I was happy as they replaced the windows, and was celebrating as they put in new doors and a fresh coat of paint on the porch. Dignity was being restored to this tired old house. I was almost envious to see it coming along so nicely at such a quick pace, as we struggled to make just one improvement at a time. It seemed like theirs was all fixed up and beautiful in no time.
When winter came and the daylight hours decreased, with all the lights on I could easily see inside as I drove by. There are a lot of windows, and no curtains were hung at that time. I could see the painting, the new cabinets, and the work being done on the inside as well as the outside.
In the spring they cleaned up the yard and trimmed some of the shrubs.
I’m not too crazy about their landscaping efforts. They just put down landscape cloth with mulch on top. There were few large rocks placed here and there in their fresh mulch bed (can’t really call it a flower bed, as they forgot to plant flowers). With a house like that, I envision a flowerbed alive with color and beauty along the foundation.
Other than the landscaping, they’ve done a wonderful job. I’ve enjoyed watching the phases.
One day early in June I was turning off the main road and, as usual, glanced over at the brick house. Something different caught my eye.
Just outside the gate of the wrought iron fence, was a boy. He was checking the mail and happened to look up as I was driving by. We made brief eye contact and I could tell he was watching as I drove by in my dark green Toyota Tacoma.
I don’t remember having seen him before.
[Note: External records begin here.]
(* Let $\Gamma$ be a finite multiset of formulas and $B$ a formula such that $\Gamma\longrightarrow B$ has a $\mathbf{C}$-proof in which no $\supset$-L, no $\lor$-R and no $\exists$-R rule is used. Then $\Gamma\longrightarrow B$ has an $\mathbf{I}$-proof.
   Context: Formulas are first-order formulas built from atomic formulas and the logical constants $\top$, $\bot$ (not counted as atomic) using $\land,\lor,\supset,\forall,\exists$; $\neg A$ abbreviates $A\supset\bot$; $B[t/x]$ is capture-avoiding substitution of term $t$ for free $x$ in $B$. A sequent $\Gamma\longrightarrow\Delta$ is a pair of finite multisets of formulas; $B,\Gamma$ denotes $\Gamma$ with an extra occurrence of $B$. A sequent is an axiom if $\top\in\Delta$ or some formula that is $\bot$ or atomic occurs in both $\Gamma$ and $\Delta$. Writing premises $\Rightarrow$ conclusion, the rules are all instances of: contr-L: $B,B,\Gamma\longrightarrow\Delta\Rightarrow B,\Gamma\longrightarrow\Delta$; contr-R: $\Gamma\longrightarrow\Delta,B,B\Rightarrow\Gamma\longrightarrow\Delta,B$; $\bot$-R: $\Gamma\longrightarrow\Delta,\bot\Rightarrow\Gamma\longrightarrow\Delta,D$; $\land$-L: $B,\Gamma\longrightarrow\Delta\Rightarrow B\land D,\Gamma\longrightarrow\Delta$ and $D,\Gamma\longrightarrow\Delta\Rightarrow B\land D,\Gamma\longrightarrow\Delta$; $\lor$-L: $B,\Gamma\longrightarrow\Delta$ and $D,\Gamma\longrightarrow\Delta\Rightarrow B\lor D,\Gamma\longrightarrow\Delta$; $\land$-R: $\Gamma\longrightarrow\Delta,B$ and $\Gamma\longrightarrow\Delta,D\Rightarrow\Gamma\longrightarrow\Delta,B\land D$; $\lor$-R: $\Gamma\longrightarrow\Delta,B\Rightarrow\Gamma\longrightarrow\Delta,B\lor D$ and $\Gamma\longrightarrow\Delta,D\Rightarrow\Gamma\longrightarrow\Delta,B\lor D$; $\supset$-L: $\Gamma\longrightarrow\Delta,B$ and $D,\Gamma\longrightarrow\Theta\Rightarrow B\supset D,\Gamma\longrightarrow\Delta,\Theta$; $\supset$-R: $B,\Gamma\longrightarrow\Delta,D\Rightarrow\Gamma\longrightarrow\Delta,B\supset D$; $\forall$-L: $B[t/x],\Gamma\longrightarrow\Delta\Rightarrow\forall x B,\Gamma\longrightarrow\Delta$; $\exists$-R: $\Gamma\longrightarrow\Delta,B[t/x]\Rightarrow\Gamma\longrightarrow\Delta,\exists x B$ ($t$ any term); $\exists$-L: $B[c/x],\Gamma\longrightarrow\Delta\Rightarrow\exists x B,\Gamma\longrightarrow\Delta$; $\forall$-R: $\Gamma\longrightarrow\Delta,B[c/x]\Rightarrow\Gamma\longrightarrow\Delta,\forall x B$, where the constant $c$ does not occur in the conclusion. A $\mathbf{C}$-proof (classical) is a finite tree of sequents with axioms at the leaves, each internal node being the conclusion of a rule instance whose premises are its children. An $\mathbf{I}$-proof (intuitionistic) is a $\mathbf{C}$-proof in which every sequent has exactly one formula in its succedent. A rule ''is used'' if some instance of that schema occurs in the proof. *)

From Stdlib Require Import List Arith Bool Permutation.
Import ListNotations.
Set Implicit Arguments.

Section Syntax.
Variables (F P : Type).

(* Terms: bound/free variables as de Bruijn indices, eigen-constants
   (parameters) Par c, and applications of function symbols. *)
Inductive term : Type :=
| Var : nat -> term
| Par : nat -> term
| Fn  : F -> list term -> term.

Inductive formula : Type :=
| Atom : P -> list term -> formula
| FTop : formula
| FBot : formula
| FAnd : formula -> formula -> formula
| FOr  : formula -> formula -> formula
| FImp : formula -> formula -> formula
| FAll : formula -> formula     (* binds de Bruijn index 0 *)
| FEx  : formula -> formula.

Definition FNeg (A : formula) : formula := FImp A FBot.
With him standing there, it seemed he was a teen maybe 13 or 14. Seeing him instantly caused me to think of my own son.
Mentally I made comparisons between this boy and my own. Who is taller? Which one is bigger? This boy seemed a little thicker, as of the last picture, my son was skinny. I wondered if my son goes out to check the mail too. How often? What color is their mailbox?
Every day I drive by their Big Red Mailbox at the end of my street. Almost secretly I hope to see the boy. I think it’s because he is a trigger for me. Not that I needed any more triggers in my life than I already have which cause me to think about my son. After all, I don’t think a day has gone by without me thinking of him. But somehow, seeing this boy gives some flesh and life to a ghost of a dream that I hold onto.
I noticed a for sale sign in their front yard last week. Although I don’t even know him, it makes my heart a little sad to think of this boy leaving. Maybe it is sad to me because he will be gone without me ever getting a chance to know anything about him. I don’t even know his name. I will never know this kid down the street. But when I drive by their Big Red Mailbox; I have feelings of hopefulness and wishing.
There is the definite sense of longing to someday know the mystery boy in my life. No I’m not referring to the kid who lives down the street, but to the mystery boy in my own life and in my heart, my son. Sigh … I desperately long for the day when I will see him face to face. I wait for a day when I can look into dark brown eyes, which are a mirror image of my own.
I, close my eyes to imagine what it will sound like just to hear his voice. That longing, that hope, that dream, all of that is what is going on inside of me each time I see their Big Red Mailbox.